━━ MATERIAL SHOWN ━━

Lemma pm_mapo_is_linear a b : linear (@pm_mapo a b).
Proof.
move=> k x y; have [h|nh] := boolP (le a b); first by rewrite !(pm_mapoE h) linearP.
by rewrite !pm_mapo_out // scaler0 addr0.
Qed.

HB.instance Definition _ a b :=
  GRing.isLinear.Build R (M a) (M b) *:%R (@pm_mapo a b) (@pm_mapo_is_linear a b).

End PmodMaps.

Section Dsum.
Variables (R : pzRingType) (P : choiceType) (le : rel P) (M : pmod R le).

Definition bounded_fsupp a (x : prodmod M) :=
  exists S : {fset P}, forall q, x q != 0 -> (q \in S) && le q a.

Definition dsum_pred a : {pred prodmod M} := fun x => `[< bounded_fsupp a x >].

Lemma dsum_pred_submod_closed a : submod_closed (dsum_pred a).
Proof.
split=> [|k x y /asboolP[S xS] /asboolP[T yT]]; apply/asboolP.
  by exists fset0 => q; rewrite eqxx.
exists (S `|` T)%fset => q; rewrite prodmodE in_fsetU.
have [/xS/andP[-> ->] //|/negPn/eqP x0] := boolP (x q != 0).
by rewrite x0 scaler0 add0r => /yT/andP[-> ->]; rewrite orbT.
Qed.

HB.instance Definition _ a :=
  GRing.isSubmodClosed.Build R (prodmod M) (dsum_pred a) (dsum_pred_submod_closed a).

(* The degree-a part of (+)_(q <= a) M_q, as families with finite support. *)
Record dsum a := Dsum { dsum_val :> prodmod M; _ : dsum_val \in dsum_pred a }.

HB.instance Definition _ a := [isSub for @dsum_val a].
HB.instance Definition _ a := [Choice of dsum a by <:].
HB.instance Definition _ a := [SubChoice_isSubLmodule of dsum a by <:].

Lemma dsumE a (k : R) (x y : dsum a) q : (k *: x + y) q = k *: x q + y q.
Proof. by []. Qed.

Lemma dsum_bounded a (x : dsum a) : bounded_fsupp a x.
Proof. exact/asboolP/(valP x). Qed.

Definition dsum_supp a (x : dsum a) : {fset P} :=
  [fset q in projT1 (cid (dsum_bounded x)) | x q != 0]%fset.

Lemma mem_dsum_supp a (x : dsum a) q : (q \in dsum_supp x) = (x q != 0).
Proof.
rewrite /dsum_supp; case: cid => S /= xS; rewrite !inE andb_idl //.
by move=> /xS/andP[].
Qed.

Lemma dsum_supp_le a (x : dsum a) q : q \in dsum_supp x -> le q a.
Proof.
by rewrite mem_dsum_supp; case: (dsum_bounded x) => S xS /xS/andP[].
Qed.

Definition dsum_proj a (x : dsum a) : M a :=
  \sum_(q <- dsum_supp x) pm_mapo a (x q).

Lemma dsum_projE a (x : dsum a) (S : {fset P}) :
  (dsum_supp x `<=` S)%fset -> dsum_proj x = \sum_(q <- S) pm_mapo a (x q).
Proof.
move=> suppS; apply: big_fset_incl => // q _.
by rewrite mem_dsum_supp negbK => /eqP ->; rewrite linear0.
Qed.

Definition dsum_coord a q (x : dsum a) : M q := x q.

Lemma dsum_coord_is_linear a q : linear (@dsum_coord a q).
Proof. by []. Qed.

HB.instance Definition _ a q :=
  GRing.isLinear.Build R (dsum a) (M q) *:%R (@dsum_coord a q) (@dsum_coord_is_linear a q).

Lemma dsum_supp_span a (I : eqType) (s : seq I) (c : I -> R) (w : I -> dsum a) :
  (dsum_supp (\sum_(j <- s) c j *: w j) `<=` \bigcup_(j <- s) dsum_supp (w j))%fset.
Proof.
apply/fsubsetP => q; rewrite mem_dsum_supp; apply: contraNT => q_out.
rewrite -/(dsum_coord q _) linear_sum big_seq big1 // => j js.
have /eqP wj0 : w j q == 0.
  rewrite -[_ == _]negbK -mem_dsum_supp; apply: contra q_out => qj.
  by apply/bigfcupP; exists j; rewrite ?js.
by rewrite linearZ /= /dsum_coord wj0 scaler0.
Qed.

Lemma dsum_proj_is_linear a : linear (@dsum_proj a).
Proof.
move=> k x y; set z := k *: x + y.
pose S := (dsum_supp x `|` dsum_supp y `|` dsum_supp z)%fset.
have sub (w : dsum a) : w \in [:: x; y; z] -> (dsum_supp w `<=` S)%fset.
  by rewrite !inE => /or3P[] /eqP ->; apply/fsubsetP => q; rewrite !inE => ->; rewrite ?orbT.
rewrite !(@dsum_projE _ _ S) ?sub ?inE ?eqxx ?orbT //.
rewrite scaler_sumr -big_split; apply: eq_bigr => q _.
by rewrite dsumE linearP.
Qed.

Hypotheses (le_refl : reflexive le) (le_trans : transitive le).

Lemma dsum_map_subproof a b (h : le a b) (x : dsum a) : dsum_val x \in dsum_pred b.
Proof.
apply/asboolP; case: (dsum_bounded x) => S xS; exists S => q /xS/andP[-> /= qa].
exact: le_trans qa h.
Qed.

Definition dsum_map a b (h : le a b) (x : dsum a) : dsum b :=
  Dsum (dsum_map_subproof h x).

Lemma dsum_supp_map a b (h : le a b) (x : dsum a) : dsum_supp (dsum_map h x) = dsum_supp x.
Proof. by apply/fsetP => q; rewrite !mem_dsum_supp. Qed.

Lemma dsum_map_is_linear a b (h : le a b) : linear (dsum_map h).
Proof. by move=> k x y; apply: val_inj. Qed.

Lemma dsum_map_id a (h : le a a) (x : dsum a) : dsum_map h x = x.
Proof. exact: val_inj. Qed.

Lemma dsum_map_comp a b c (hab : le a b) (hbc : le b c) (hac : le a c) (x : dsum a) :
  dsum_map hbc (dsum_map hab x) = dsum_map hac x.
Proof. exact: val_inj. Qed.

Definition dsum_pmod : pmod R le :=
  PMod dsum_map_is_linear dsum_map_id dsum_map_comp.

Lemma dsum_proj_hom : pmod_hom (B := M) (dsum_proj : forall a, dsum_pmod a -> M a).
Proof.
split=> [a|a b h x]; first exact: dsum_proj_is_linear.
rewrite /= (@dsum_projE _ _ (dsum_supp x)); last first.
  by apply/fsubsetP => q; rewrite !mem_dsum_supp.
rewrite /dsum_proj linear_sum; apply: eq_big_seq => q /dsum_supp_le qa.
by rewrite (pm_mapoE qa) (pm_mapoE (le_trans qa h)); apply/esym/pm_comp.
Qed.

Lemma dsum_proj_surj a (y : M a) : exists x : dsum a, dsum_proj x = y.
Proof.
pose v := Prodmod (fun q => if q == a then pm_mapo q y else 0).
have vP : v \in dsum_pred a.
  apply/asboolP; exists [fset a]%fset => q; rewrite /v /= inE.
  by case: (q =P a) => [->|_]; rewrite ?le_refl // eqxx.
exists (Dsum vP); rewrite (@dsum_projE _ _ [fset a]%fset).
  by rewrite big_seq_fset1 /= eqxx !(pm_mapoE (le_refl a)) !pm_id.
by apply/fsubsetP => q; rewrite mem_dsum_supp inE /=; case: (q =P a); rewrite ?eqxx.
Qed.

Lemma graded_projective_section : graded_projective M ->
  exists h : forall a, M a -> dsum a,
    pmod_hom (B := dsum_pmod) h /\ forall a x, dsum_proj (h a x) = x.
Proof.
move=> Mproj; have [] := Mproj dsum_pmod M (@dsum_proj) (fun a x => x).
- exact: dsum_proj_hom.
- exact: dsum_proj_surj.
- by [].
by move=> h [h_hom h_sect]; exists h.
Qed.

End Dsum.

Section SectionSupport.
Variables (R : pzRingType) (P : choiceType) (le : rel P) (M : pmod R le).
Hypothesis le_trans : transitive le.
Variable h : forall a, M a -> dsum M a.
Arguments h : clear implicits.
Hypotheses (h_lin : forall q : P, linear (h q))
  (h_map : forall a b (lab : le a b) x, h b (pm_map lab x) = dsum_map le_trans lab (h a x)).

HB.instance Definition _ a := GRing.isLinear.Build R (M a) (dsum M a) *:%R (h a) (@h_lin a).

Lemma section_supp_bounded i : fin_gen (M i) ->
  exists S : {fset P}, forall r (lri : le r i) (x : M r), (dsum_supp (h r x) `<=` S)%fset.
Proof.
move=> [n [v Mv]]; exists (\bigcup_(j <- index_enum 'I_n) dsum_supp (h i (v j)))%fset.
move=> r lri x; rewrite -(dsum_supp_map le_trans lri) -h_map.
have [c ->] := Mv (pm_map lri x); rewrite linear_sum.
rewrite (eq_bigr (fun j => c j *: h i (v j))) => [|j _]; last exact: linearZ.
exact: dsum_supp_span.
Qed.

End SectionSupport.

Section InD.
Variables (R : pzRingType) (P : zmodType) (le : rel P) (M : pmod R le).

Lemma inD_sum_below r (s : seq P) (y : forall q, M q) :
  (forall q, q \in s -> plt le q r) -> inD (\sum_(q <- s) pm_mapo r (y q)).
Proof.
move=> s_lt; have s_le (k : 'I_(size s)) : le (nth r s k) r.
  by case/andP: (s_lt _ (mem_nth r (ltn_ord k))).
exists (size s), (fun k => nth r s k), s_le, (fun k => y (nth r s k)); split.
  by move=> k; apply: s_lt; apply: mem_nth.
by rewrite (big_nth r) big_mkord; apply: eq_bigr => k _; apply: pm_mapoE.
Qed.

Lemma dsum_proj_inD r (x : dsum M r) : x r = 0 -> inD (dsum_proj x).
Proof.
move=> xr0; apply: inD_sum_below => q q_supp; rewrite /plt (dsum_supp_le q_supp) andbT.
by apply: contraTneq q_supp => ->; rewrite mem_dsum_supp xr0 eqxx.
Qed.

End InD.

━━━
━━ MATERIAL SHOWN ━━

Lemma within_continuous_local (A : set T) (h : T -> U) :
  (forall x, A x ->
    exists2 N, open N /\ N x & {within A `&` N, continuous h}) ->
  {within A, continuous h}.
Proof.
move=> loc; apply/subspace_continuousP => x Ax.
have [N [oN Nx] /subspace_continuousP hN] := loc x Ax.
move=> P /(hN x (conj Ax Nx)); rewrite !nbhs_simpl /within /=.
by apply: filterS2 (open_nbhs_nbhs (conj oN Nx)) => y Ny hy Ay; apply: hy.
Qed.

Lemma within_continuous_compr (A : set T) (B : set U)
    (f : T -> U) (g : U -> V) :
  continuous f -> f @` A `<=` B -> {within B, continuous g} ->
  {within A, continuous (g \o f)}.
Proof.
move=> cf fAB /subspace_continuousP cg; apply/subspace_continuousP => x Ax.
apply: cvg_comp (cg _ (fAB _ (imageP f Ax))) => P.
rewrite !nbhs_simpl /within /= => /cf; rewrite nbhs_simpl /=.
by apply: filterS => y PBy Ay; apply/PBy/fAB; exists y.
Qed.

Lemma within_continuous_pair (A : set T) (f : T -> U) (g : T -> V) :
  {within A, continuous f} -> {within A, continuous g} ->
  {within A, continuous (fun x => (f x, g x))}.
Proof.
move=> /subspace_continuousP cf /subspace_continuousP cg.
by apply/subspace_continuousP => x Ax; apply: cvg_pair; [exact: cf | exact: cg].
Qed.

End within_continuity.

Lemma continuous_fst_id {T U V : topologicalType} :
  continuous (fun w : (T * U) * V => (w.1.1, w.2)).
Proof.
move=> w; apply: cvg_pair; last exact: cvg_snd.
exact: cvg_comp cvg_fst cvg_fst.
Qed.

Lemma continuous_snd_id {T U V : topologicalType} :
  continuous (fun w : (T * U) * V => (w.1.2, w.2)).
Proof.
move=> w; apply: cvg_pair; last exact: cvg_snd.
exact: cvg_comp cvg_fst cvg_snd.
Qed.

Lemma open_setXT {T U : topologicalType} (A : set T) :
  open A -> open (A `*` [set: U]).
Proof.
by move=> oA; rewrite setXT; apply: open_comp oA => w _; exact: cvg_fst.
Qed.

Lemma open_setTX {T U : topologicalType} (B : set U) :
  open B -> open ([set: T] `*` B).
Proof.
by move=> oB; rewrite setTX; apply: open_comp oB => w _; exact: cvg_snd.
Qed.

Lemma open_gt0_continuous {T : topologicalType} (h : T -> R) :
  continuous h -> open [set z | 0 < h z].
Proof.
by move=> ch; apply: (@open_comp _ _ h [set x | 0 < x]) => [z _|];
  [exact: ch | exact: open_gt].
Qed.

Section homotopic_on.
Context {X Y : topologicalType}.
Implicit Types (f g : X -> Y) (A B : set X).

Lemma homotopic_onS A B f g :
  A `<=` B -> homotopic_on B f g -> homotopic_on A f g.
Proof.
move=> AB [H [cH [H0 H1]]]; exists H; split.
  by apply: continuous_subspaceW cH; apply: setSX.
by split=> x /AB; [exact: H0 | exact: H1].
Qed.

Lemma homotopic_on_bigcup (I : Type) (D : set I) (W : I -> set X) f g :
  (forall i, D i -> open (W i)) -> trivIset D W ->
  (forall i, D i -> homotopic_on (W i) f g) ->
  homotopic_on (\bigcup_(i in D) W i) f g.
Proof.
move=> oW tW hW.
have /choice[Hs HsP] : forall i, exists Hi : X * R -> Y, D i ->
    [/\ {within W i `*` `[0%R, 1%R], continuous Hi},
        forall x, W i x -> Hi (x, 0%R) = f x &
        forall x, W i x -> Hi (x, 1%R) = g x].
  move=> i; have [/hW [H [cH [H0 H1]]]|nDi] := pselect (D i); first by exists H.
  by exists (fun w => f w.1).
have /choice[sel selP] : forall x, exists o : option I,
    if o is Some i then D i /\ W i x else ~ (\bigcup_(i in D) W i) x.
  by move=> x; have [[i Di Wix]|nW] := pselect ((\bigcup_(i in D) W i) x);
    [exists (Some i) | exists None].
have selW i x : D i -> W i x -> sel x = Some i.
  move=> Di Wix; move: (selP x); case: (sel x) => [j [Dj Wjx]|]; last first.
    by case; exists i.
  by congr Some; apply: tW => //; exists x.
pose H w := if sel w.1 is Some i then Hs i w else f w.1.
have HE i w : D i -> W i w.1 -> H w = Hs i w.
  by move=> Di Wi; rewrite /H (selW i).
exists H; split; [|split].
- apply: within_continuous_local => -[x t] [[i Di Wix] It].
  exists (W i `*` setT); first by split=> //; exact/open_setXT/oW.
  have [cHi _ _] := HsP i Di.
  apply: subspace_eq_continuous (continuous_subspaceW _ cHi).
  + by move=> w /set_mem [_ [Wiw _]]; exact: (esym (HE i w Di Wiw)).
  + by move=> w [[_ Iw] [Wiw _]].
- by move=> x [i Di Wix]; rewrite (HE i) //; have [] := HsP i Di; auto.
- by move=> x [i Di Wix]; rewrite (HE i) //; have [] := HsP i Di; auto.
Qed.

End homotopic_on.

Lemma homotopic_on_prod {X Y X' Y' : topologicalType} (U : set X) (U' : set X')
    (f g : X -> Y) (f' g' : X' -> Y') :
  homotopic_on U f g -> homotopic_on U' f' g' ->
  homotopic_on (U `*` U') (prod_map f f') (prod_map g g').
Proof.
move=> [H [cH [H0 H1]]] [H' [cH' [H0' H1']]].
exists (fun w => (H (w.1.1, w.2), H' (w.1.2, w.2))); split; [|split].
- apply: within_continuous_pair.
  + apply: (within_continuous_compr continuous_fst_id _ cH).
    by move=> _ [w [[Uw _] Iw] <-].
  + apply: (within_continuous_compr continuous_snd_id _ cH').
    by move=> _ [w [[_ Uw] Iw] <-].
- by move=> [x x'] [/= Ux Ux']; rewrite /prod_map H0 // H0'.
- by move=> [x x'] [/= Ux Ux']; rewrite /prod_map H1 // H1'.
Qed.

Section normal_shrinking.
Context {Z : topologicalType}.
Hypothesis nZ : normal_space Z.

━━━
━━ MATERIAL SHOWN ━━

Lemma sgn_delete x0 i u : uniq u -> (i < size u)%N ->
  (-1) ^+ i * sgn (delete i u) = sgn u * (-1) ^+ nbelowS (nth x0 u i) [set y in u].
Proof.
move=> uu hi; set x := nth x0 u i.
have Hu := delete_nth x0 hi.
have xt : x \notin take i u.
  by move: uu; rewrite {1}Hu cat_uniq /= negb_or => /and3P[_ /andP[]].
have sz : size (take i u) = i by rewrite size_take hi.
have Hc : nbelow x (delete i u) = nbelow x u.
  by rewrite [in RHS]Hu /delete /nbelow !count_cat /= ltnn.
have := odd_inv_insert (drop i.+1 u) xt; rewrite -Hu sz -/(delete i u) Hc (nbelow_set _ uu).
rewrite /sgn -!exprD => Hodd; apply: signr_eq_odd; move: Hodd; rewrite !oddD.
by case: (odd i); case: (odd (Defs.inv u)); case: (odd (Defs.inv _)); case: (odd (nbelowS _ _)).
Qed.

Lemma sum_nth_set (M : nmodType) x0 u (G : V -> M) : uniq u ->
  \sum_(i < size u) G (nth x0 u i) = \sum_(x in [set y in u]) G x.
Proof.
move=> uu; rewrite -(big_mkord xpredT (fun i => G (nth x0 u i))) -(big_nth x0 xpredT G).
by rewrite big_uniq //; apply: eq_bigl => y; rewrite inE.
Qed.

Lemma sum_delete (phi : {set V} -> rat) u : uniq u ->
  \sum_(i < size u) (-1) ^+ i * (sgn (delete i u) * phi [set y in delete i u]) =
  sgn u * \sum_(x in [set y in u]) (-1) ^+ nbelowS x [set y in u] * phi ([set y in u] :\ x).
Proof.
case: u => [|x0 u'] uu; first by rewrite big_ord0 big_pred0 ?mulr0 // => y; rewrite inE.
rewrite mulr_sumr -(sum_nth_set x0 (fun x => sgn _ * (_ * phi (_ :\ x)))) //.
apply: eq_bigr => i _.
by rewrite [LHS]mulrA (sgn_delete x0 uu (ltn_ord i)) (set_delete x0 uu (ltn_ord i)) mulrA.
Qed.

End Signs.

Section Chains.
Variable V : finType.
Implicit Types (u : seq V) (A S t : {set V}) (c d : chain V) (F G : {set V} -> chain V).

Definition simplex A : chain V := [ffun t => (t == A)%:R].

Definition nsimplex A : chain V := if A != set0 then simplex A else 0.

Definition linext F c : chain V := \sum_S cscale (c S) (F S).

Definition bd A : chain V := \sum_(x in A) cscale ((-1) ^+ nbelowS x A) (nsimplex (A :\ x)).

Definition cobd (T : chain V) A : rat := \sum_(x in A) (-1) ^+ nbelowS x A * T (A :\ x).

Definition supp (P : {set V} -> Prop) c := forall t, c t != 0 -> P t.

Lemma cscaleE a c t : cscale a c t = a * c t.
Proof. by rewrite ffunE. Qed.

━━━

## WHAT THE EXERCISE ASKS
Look through the data above for the word "else". Report each line where it occurs.

## OUTPUT OF THE TASK
pose v := Prodmod (fun q => if q == a then pm_mapo q y else 0).
    if o is Some i then D i /\ W i x else ~ (\bigcup_(i in D) W i) x.
pose H w := if sel w.1 is Some i then Hs i w else f w.1.
Definition nsimplex A : chain V := if A != set0 then simplex A else 0.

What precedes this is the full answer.